And I thought he looked dumb with a rubber chicken in his mouth!

Rather neatly cutting out the Popcorn Gallery, Peter Daou noticed:

For some time, the basic division over Obama on the opinion-making left was between those who argued that he had accomplished much considering the obstacles and those who believed he was selling out progressive principles out of a misguided desire for bipartisanship.


We weren’t supposed to worry too much about the Cat Food commission …. Even though the commission was obviously stacked with deficit hawks and Social Security haters because (the story went) the commission would have to agree to ALL the recommendations as a package and it would take 14 votes to send it along to the Capitol.

And now that the package got only 11 votes? (I LOVE this headline)

Obama Offers Hope for Debt Panel’s Plan

President Obama said he would consider adopting some of the recommendations in the provocative debt-reduction plan from his fiscal commission, which wrapped up work on Friday with more of a bipartisan accord than even its members had expected.

Soon after the commission finished — with 11 of its 18 members backing the package of deep spending cuts and revenue increases — Mr.

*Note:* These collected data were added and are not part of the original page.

(* Let $n \ge 1$ be such that $SP_n$ is tree-complete and $n+1$ is prime. Then $SP_{n+1}$ and $SP_{n+2}$ are tree-complete. Further, if $n+1$ and $n+3$ are both prime, then $SP_{n+1}, SP_{n+2}, SP_{n+3}, SP_{n+4}, SP_{n+5}$ are all tree-complete.
   Context: For $n \ge 1$, the super prime graph $SP_n$ is the graph with node set $\{1,2,\dots,n\}$ in which two distinct nodes $u, v$ are adjacent if and only if $\gcd(u,v) = 1$. A graph $G$ of order $n$ is tree-complete if every tree of order $n$ is isomorphic to a subgraph of $G$. *)

From mathcomp Require Import all_boot all_order.
Set Implicit Arguments. Unset Strict Implicit. Unset Printing Implicit Defensive.

Definition simple_graph n (e : rel 'I_n) : Prop :=
  irreflexive e /\ symmetric e.

Definition n_edges n (e : rel 'I_n) : nat :=
  #|[set p : 'I_n * 'I_n | e p.1 p.2 && (val p.1 < val p.2)]|.

Definition is_tree n (e : rel 'I_n) : Prop :=
  simple_graph e /\ (forall x y : 'I_n, connect e x y) /\ n_edges e = n.-1.

Definition subgraph_embeds n (T G : rel 'I_n) : Prop :=
  exists f : 'I_n -> 'I_n, injective f /\ forall x y, T x y -> G (f x) (f y).

Definition tree_complete n (G : rel 'I_n) : Prop :=
  forall T : rel 'I_n, is_tree T -> subgraph_embeds T G.

(* Super prime graph SP_n: vertex i : 'I_n represents the integer i+1;
   distinct vertices adjacent iff coprime. *)
Definition SP n : rel 'I_n :=
  fun i j => (i != j) && coprime i.+1 j.+1.
Arguments SP n : clear implicits.

(* Let p = m + 1 be prime and SP_m tree-complete, and let T be a tree on m + k vertices.
   Choose k vertices s = [a; ...] of T such that only the first one, a, has neighbours
   outside s.  The forest T - s lies in a tree on the remaining m vertices, hence embeds
   into SP_m: it gets distinct labels in 1..m, adjacent ones coprime.  Labelling s by
   p, p + 1, ..., p + k - 1 in order embeds T into SP_(m+k): edges leaving s start at a,
   and the prime p is coprime to 1..m; inside s it suffices that p, ..., p + k - 1 are
   pairwise coprime, which holds for k <= 3 when p is odd.  Such an s exists for k = 1
   (any vertex), k = 2 (a leaf, preceded by its neighbour) and k = 3 (a vertex followed
   by two leaves adjacent to it, or a path a - x - y with x of degree 2 and y a leaf;
   counting degrees shows that every tree with at least three vertices has one of the
   two).  Apply this with m = n and with m = n + 2. *)

From mathcomp Require Import all_boot all_order zify.
Set Implicit Arguments. Unset Strict Implicit. Unset Printing Implicit Defensive.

Obama issued a statement praising the panel’s work. Without embracing any particular ideas, he said he would review them all as he looks for ways to “correct our fiscal course.”

And why shouldn’t he send some of those recommendations? Isn’t that why they gave him the big bucks back in 2007?

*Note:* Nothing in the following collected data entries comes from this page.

Lemma maximal_subring_preimage (T D : nzRingType) (f : {rmorphism T -> D}) (S : D -> Prop) :
  (forall d, exists t, f t = d) -> is_maximal_subring S -> is_maximal_subring (S \o f).
Proof.
move=> fsurj [subS [d Sd] Smax]; have [t0 ft0] := fsurj d.
have preim_subring (R : D -> Prop) : is_subring R -> is_subring (R \o f).
  case=> R1 RB RM; split=> [|x y|x y] /=; rewrite ?rmorph1 ?rmorphB ?rmorphM //.
    exact: RB.
  exact: RM.
split; [exact: preim_subring | by exists t0; rewrite /= ft0 |].
move=> S' subS' SS'; pose R d := exists2 t, S' t & f t = d.
have subR : is_subring R.
  split; first by exists 1; [apply: subring1 | rewrite rmorph1].
    by move=> _ _ [x S'x <-] [y S'y <-]; exists (x - y); [apply: subringB|rewrite rmorphB].
  by move=> _ _ [x S'x <-] [y S'y <-]; exists (x * y); [apply: subringM|rewrite rmorphM].
have SR e : S e -> R e.
  by move=> Se; have [t ft] := fsurj e; exists t => //; apply: SS'; rewrite /= ft.
have [RS|Rall] := Smax R subR SR.
  by left=> t; split=> [S't|/SS' //]; apply/RS; exists t.
right=> t; have [s S's fs] := Rall (f t).
have S'ts : S' (t - s) by apply: SS'; rewrite /= rmorphB fs subrr; apply: subring0.
by rewrite -(subrK s t); apply: subringD.
Qed.

Section LeftIdeals.
Variable T : nzRingType.

Definition lideal_add (I J : T -> Prop) : T -> Prop :=
  fun z => exists a b, [/\ I a, J b & z = a + b].

Definition lideal_mulr (I : T -> Prop) (s : T) : T -> Prop :=
  fun z => exists2 a, I a & z = a * s.

Lemma lideal_add_left_ideal I J :
  is_left_ideal I -> is_left_ideal J -> is_left_ideal (lideal_add I J).
Proof.
case=> I0 IB IM [J0 JB JM]; split; first by exists 0, 0; rewrite addr0.
  move=> _ _ [a [b [Ia Jb ->]]] [c [d [Ic Jd ->]]].
  by exists (a - c), (b - d); rewrite opprD addrACA; split; [apply: IB|apply: JB|].
move=> r _ [a [b [Ia Jb ->]]]; exists (r * a), (r * b).
by rewrite mulrDr; split; [apply: IM|apply: JM|].
Qed.

Lemma lideal_mulr_left_ideal I s : is_left_ideal I -> is_left_ideal (lideal_mulr I s).
Proof.
case=> I0 IB IM; split; first by exists 0; rewrite ?mul0r.
  by move=> _ _ [a Ia ->] [b Ib ->]; exists (a - b); [apply: IB|rewrite mulrBl].
by move=> r _ [a Ia ->]; exists (r * a); [apply: IM|rewrite mulrA].
Qed.

Lemma setT_left_ideal : is_left_ideal (fun _ : T => True).
Proof. by []. Qed.

Lemma maximal_left_ideal_add_one (M J : T -> Prop) :
  is_maximal_left_ideal M -> is_left_ideal J -> (exists2 j, J j & ~ M j) ->
  exists m j, [/\ M m, J j & 1 = m + j].
Proof.
case=> [idM _ Mmax] idJ [j Jj nMj].
have MMJ m : M m -> lideal_add M J m.
  by move=> Mm; exists m, 0; split; rewrite ?addr0 //; case: idJ.
case: (Mmax _ (lideal_add_left_ideal idM idJ) MMJ) => [MJ|MJall]; last exact: MJall 1.
by exfalso; apply: nMj; apply/MJ; exists 0, j; split; rewrite ?add0r //; case: idM.
Qed.

Definition idealizer (M : T -> Prop) : T -> Prop := fun s => forall m, M m -> M (m * s).

Lemma idealizer_subring M : is_left_ideal M -> is_subring (idealizer M).
Proof.
case=> _ MB _; split=> [m Mm|a b Ma Mb m Mm|a b Ma Mb m Mm]; first by rewrite mulr1.
  by rewrite mulrBr; apply: MB; [apply: Ma|apply: Mb].
by rewrite mulrA; apply/Mb/Ma.
Qed.

Lemma maximal_left_ideal_idealizer M :
  is_maximal_left_ideal M -> (exists s, ~ idealizer M s) -> is_maximal_subring (idealizer M).
Proof.
move=> maxM nS; have [idM _ _] := maxM; have [_ _ ML] := idM.
have MS a : M a -> idealizer M a by move=> Ma m _; apply: ML.
split=> // [|S' subS' SS']; first exact: idealizer_subring.
have [S'S|/existsPNP[s S's /existsPNP[m' Mm' nMm's]]] :=
  pselect (forall s, S' s -> idealizer M s).
  by left=> s; split=> [/S'S|/SS'].
right=> w.
have Mm's : lideal_mulr M s (m' * s) by exists m'.
have [a [_ [Ma [b Mb ->] one]]] := maximal_left_ideal_add_one maxM
  (lideal_mulr_left_ideal s idM) (ex_intro2 _ _ _ Mm's nMm's).
have -> : w = w * a + (w * b) * s by rewrite -mulrA -mulrDr -one mulr1.
by apply: subringD => //; [|apply: subringM => //]; apply/SS'/MS/ML.
Qed.

Lemma maximal_left_ideal_inverse (M : T -> Prop) a :
  is_maximal_left_ideal M -> ~ M a -> exists b, M (b * a - 1).
Proof.
move=> maxM nMa; have [[M0 MB _] _ _] := maxM.
have Ta : lideal_mulr (fun _ => True) a a by exists 1; rewrite ?mul1r.
have [m [_ [Mm [b _ ->] one]]] := maximal_left_ideal_add_one maxM
  (lideal_mulr_left_ideal a setT_left_ideal) (ex_intro2 _ _ _ Ta nMa).
by exists b; rewrite one opprD addrCA subrr addr0 -sub0r; apply: MB.
Qed.

End LeftIdeals.

Record twosided_ideal (T : nzRingType) := TwoSidedIdeal {
  tsi_mem :> T -> Prop;
  tsi_left : is_left_ideal tsi_mem;
  tsi_right : forall r x, tsi_mem x -> tsi_mem (x * r);
  tsi_proper : ~ tsi_mem 1 }.

Definition tsi_pred (T : nzRingType) (I : twosided_ideal T) : pred T := fun t => `[< I t >].

Lemma tsi_predE (T : nzRingType) (I : twosided_ideal T) t : (t \in tsi_pred I) = `[< I t >].
Proof. by []. Qed.

Lemma tsi_zmod_closed (T : nzRingType) (I : twosided_ideal T) : zmod_closed (tsi_pred I).
Proof.
have [I0 IB _] := tsi_left I.
split=> [|a b]; rewrite !tsi_predE; first exact/asboolP.
by move=> /asboolP Ia /asboolP Ib; apply/asboolP/IB.
Qed.

HB.instance Definition _ (T : nzRingType) (I : twosided_ideal T) :=
  GRing.isZmodClosed.Build T (tsi_pred I) (tsi_zmod_closed I).

Section TwoSidedQuotient.
Variables (T : nzRingType) (I : twosided_ideal T).
Local Open Scope quotient_scope.

Definition quot_ring := Quotient.quot (GRing.ZmodClosed.clone T (tsi_pred I) _).
HB.instance Definition _ := GRing.Zmodule.on quot_ring.
HB.instance Definition _ := EqQuotient.on quot_ring.

Definition quot_one : quot_ring := lift_cst quot_ring 1.
Definition quot_mul := lift_op2 quot_ring *%R.
Canonical pi_quot_one_morph := PiConst quot_one.

Lemma pi_quot_mul : {morph \pi_quot_ring : x y / x * y >-> quot_mul x y}.
Proof.
move=> x y; unlock quot_mul; apply/eqP; rewrite piE Quotient.equivE.
rewrite -[_ * _](addrNK (x * repr (\pi_quot_ring y))) -mulrBr -addrA -mulrBl.
have [_ _ IL] := tsi_left I.
rewrite rpredD // tsi_predE; apply/asboolP; [apply: IL | apply: tsi_right]; apply/asboolP;
  by rewrite -tsi_predE Quotient.idealrDE opprK reprK.
Qed.
Canonical pi_quot_mul_morph := PiMorph2 pi_quot_mul.

Lemma quot_mulA : associative quot_mul.
Proof. by move=> x y z; rewrite -[x]reprK -[y]reprK -[z]reprK !piE mulrA. Qed.
Lemma quot_mul1q : left_id quot_one quot_mul.
Proof. by move=> x; rewrite -[x]reprK !piE mul1r. Qed.
Lemma quot_mulq1 : right_id quot_one quot_mul.
Proof. by move=> x; rewrite -[x]reprK !piE mulr1. Qed.
Lemma quot_mulDl : left_distributive quot_mul +%R.
Proof. by move=> x y z; rewrite -[x]reprK -[y]reprK -[z]reprK !piE mulrDl. Qed.
Lemma quot_mulDr : right_distributive quot_mul +%R.
Proof. by move=> x y z; rewrite -[x]reprK -[y]reprK -[z]reprK !piE mulrDr. Qed.
Lemma quot_one_neq0 : quot_one != 0.
Proof. by rewrite piE Quotient.equivE subr0 tsi_predE; apply/asboolP/tsi_proper. Qed.

HB.instance Definition _ := GRing.Zmodule_isNzRing.Build quot_ring
  quot_mulA quot_mul1q quot_mulq1 quot_mulDl quot_mulDr quot_one_neq0.

Definition quot_proj (t : T) : quot_ring := \pi t.

Lemma quot_proj_is_zmod_morphism : zmod_morphism quot_proj.
Proof. by move=> a b; rewrite /quot_proj !piE. Qed.
Lemma quot_proj_is_monoid_morphism : monoid_morphism quot_proj.
Proof. by split=> [|a b]; rewrite /quot_proj !piE. Qed.

HB.instance Definition _ := GRing.isZmodMorphism.Build T quot_ring quot_proj
  quot_proj_is_zmod_morphism.
HB.instance Definition _ := GRing.isMonoidMorphism.Build T quot_ring quot_proj
  quot_proj_is_monoid_morphism.

Lemma quot_proj_surj (d : quot_ring) : exists t, quot_proj t = d.
Proof. by exists (repr d); apply: reprK. Qed.

Lemma quot_proj_eq0 t : quot_proj t = 0 <-> I t.
Proof.
rewrite -(rmorph0 quot_proj) (rwP eqP) /quot_proj piE Quotient.equivE subr0 tsi_predE.
by split=> /asboolP.
Qed.

End TwoSidedQuotient.

Section DivisionRing.
Variable D : nzRingType.
Hypothesis linv : forall a : D, a != 0 -> exists b, b * a = 1.

Lemma divring_inv (a : D) : a != 0 -> exists b, b * a = 1 /\ a * b = 1.
Proof.
move=> a0; have [b ba] := linv a0.
have b0 : b != 0 by apply: contra_eq_neq ba => ->; rewrite mul0r eq_sym oner_neq0.
have [c cb] := linv b0.
have ca : c = a by rewrite -[c]mulr1 -ba mulrA cb mul1r.
by exists b; rewrite -{2}ca.
Qed.

Section Integral.
Variable x : D.

Definition sandwich (w : D) (l : nat) := \sum_(i < l.+1) x ^+ i * w * x ^+ (l - i).

Lemma sandwich_commutator w l :
  x * sandwich w l - sandwich w l * x = x ^+ l.+1 * w - w * x ^+ l.+1.
Proof.
rewrite mulr_sumr mulr_suml -sumrB.
under eq_bigr => i _ do rewrite !mulrA -exprS -[_ * x ^+ (l - i) * x]mulrA -exprSr.
rewrite -(big_mkord xpredT
  (fun i => x ^+ i.+1 * w * x ^+ (l - i) - x ^+ i * w * x ^+ (l - i).+1)).
rewrite (@telescope_sumr_eq _ _ _ (fun k => x ^+ k * w * x ^+ (l.+1 - k))) //.
  by rewrite subnn subn0 !expr0 mulr1 mul1r.
by move=> k /andP[_ kl]; rewrite subSS subSn.
Qed.

Definition central_annihilator (p : {poly D}) :=
  [/\ p \is monic, forall i, center p`_i & root p x].

Variable p : {poly D}.
Hypotheses (p_ann : central_annihilator p)
  (p_min : forall r, central_annihilator r -> (size p <= size r)%N).
Local Notation N := (size p).-1.

Lemma size_annihilator : size p = N.+1.
Proof. by case: p_ann => /monic_neq0 p0 _ _; rewrite prednK // size_poly_gt0. Qed.

Lemma annihilator_rel : \sum_(i < N.+1) p`_i * x ^+ i = 0.
Proof. by case: p_ann => _ _ /rootP; rewrite horner_coef size_annihilator. Qed.

Lemma annihilator_size_gt1 : (0 < N)%N.
Proof.
have [/monicP p1 _ _] := p_ann; rewrite lt0n; apply/eqP => N0.
move: annihilator_rel p1; rewrite N0 big_ord1 expr0 mulr1 /lead_coef size_annihilator N0 => ->.
by move=> /eqP; rewrite eq_sym oner_eq0.
Qed.

(* [phi] is [g(L_x, R_x)] where [p(X) - p(Y) = (X - Y) g(X, Y)], so that
   [ad_x \o phi = p(L_x) - p(R_x) = 0]. *)
Definition phi (w : D) := \sum_(l < N) p`_l.+1 * sandwich w l.

Lemma phi_centralizer w : centralizer x (phi w).
Proof.
have [_ pc _] := p_ann; apply/eqP; rewrite /centralizer -subr_eq0; apply/eqP.
have : \sum_(i < N.+1) p`_i * (x ^+ i * w - w * x ^+ i) = 0.
  under eq_bigr => i _ do rewrite mulrBr !mulrA (pc i w) -[w * _ * _]mulrA.
  by rewrite sumrB -!mulr_suml -!mulr_sumr annihilator_rel mul0r mulr0 subr0.
rewrite big_ord_recl !expr0 mul1r mulr1 subrr mulr0 add0r => <-.
rewrite /phi mulr_sumr mulr_suml -sumrB; apply: eq_bigr => l _.
by rewrite -sandwich_commutator mulrBr !mulrA (pc l.+1 x).
Qed.

Definition powers_bimodule (u : nat -> D) := exists fam : seq (D * D),
  forall j, (j < N)%N -> u j = \sum_(ab <- fam) ab.1 * x ^+ j * ab.2.

Lemma powers_bimodule_exp : powers_bimodule (GRing.exp x).
Proof. by exists [:: (1, 1)] => j _; rewrite big_seq1 mul1r mulr1. Qed.

Lemma powers_bimodule_mull d u : powers_bimodule u -> powers_bimodule (fun j => d * u j).
Proof.
case=> fam fam_u; exists [seq (d * ab.1, ab.2) | ab <- fam] => j jN.
by rewrite fam_u // big_map mulr_sumr; apply: eq_bigr => ab _; rewrite !mulrA.
Qed.

Lemma powers_bimodule_mulr d u : powers_bimodule u -> powers_bimodule (fun j => u j * d).
Proof.
case=> fam fam_u; exists [seq (ab.1, ab.2 * d) | ab <- fam] => j jN.
by rewrite fam_u // big_map mulr_suml; apply: eq_bigr => ab _; rewrite !mulrA.
Qed.

Lemma powers_bimodule_sub u v :
  powers_bimodule u -> powers_bimodule v -> powers_bimodule (fun j => u j - v j).
Proof.
case=> fu fu_u [fv fv_v]; exists (fu ++ [seq (- ab.1, ab.2) | ab <- fv]) => j jN.
rewrite fu_u // fv_v // big_cat big_map -sumrN; congr (_ + _).
by apply: eq_bigr => ab _; rewrite !mulNr.
Qed.

Definition nz_count (u : nat -> D) := #|[set j : 'I_N | u j != 0]|.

Well, a girl’s gotta dream and I like this one (H/T Suburban Guerilla)

The Infernal Commissions of Elites Should Give Way To One of Real People

I would like Barack Obama to do something entirely uncharacteristic.

President Obama, appoint another panel of American citizens who have never had an income of more than $30,000 dollars, 18 or more of them. I’d require that they have a proven ability to read a budget and to not be afraid of mathematics. I’d require representation of public school teachers, first responders, non-profit health professionals and others with a professional or avocational experience in providing disinterested public service. Let them come up with proposals to make cuts and rearrange things. Make it regionally representative. They should be required to sign contracts to prevent them being bought off by the elites that would try to corrupt them. Give THAT commission a staff of real, non-DC insiders, an adequate budget AND THE AUTHORITY TO FORCE A VOTE IN CONGRESS THAT THE ELITE COMMISSION HAD.

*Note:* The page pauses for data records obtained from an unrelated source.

(* Let $f\in\mathrm{Rat}_2$. (1) If $f$ has three distinct fixed points, then $\mathrm{Aut}(f)$ acts faithfully on the fixed point set and coincides with the group of all permutations of the three fixed points which preserve multipliers; hence $|\mathrm{Aut}(f)|$ is $1$, $2$ or $6$ according as the three multipliers are pairwise distinct, exactly two are equal, or all three are equal. (2) If $f$ has exactly two distinct fixed points, then $\mathrm{Aut}(f)$ is trivial. (3) If $f$ has exactly one fixed point, then $\mathrm{Aut}(f)$ is cyclic of order two.
   Context: $\mathrm{Rat}_2$ is the space of holomorphic degree-$2$ maps of the Riemann sphere; each $f$ has three fixed points counted with multiplicity, and the multiplier of a fixed point $z_i$ is $f'(z_i)$ (in the coordinate $1/z$ at $\infty$). An automorphism of $f$ is a Möbius transformation $g$ with $g\circ f\circ g^{-1}=f$; $\mathrm{Aut}(f)$ is the group of all automorphisms of $f$. *)

From HB Require Import structures.
From mathcomp Require Import all_boot all_order all_algebra all_fingroup.
From mathcomp Require Import reals.
From mathcomp Require Import complex.

Set Implicit Arguments.
Unset Strict Implicit.
Unset Printing Implicit Defensive.

Import Order.TTheory GRing.Theory Num.Theory.
Local Open Scope ring_scope.

(* The Riemann sphere over the complex numbers C = R[i] (R a realType):
   a point is [Some z] (z in C) or [None] (the point at infinity). *)
Definition sphere (R : realType) := option R[i].

(* A degree-2 rational map f = p/q, with p, q coprime and
   max(deg p, deg q) = 2. *)
Definition isRat2 (R : realType) (p q : {poly R[i]}) : bool :=
  coprimep p q && (maxn (size p) (size q) == 3%N).

Definition ratmap (R : realType) (p q : {poly R[i]}) (x : sphere R) : sphere R :=
  match x with
  | Some z => if q.[z] == 0 then None else Some (p.[z] / q.[z])
  | None => if q`_2 == 0 then None else Some (p`_2 / q`_2)
  end.

Definition is_fixed (R : realType) (p q : {poly R[i]}) (x : sphere R) : Prop :=
  ratmap p q x = x.

(* Reversal of a polynomial of degree <= 2: w^2 p(1/w). *)
Definition rev2 (R : realType) (p : {poly R[i]}) : {poly R[i]} :=
  (p`_2)%:P + p`_1 *: 'X + p`_0 *: 'X^2.

Definition ratderiv (R : realType) (a b : {poly R[i]}) (z : R[i]) : R[i] :=
  (a^`() * b - a * b^`()).[z] / (b.[z]) ^+ 2.

(* The multiplier f'(x), computed in the coordinate 1/z at infinity:
   near infinity, f is conjugated by w = 1/z to w |-> rev2 q / rev2 p. *)
Definition multiplier (R : realType) (p q : {poly R[i]}) (x : sphere R) : R[i] :=
  match x with
  | Some z => ratderiv p q z
  | None => ratderiv (rev2 q) (rev2 p) 0
  end.

Definition mobfun (R : realType) (a b c d : R[i]) (x : sphere R) : sphere R :=
  match x with
  | Some z => if c * z + d == 0 then None else Some ((a * z + b) / (c * z + d))
  | None => if c == 0 then None else Some (a / c)
  end.

Definition is_mobius (R : realType) (g : sphere R -> sphere R) : Prop :=
  exists a b c d : R[i], a * d - b * c != 0 /\ forall x, g x = mobfun a b c d x.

I’m sure that the DC beltway elite would scorn and ridicule the very idea of a commission of those kinds of Americans. The idea would be attacked and mocked, their product discounted as the product of ignorant stupid people. Sally Quinn, David Broder and just about every one of the known presstitutes would attack them. The idea that a commission of modest, middle class professionals should get so close to writing legislation that has to be acted on by the House and Senate will horrify the connected elite and the media that serves them.

We have a pretty good idea of the sorts of things that would come from that idea:

AmericaSpeaks But It’s Not What Pete Peterson and Crowd Want to Hear

The AmericaSpeaks events were a series of town meetings held across the country ostensibly to provide the public with a greater voice in influencing policy with regard to “fiscal responsibility.” But something funny happened on the way to the forum, as the plebes tuned out framing biases both subtle and blatant and came up with progressive solutions to our ills.

Froomkin concentrates on showing that participants emerged from the fora having moved toward more progressive positions, contrary to the sponsors’ claim that the forums caused both liberals and conservatives to “moderate” their views regarding spending and tax cuts. But it’s not just that participants moved toward traditional liberal positions, they pretty much arrived there. And on the way they weren’t happy being coralled, in particular with regard to single-payer:

That’s about all I can stomach today…. What have you found in your bookmarks this morning?

[Edited to add an oldie but goodie]

I hate leaving on a sour note, so I’m offering this post just because I’d like to see idea of A job guarantee program brought up at least once a week. Or even more:

Job Guarantee
By L. Randal Wray (thanks to Lambert at Corrente)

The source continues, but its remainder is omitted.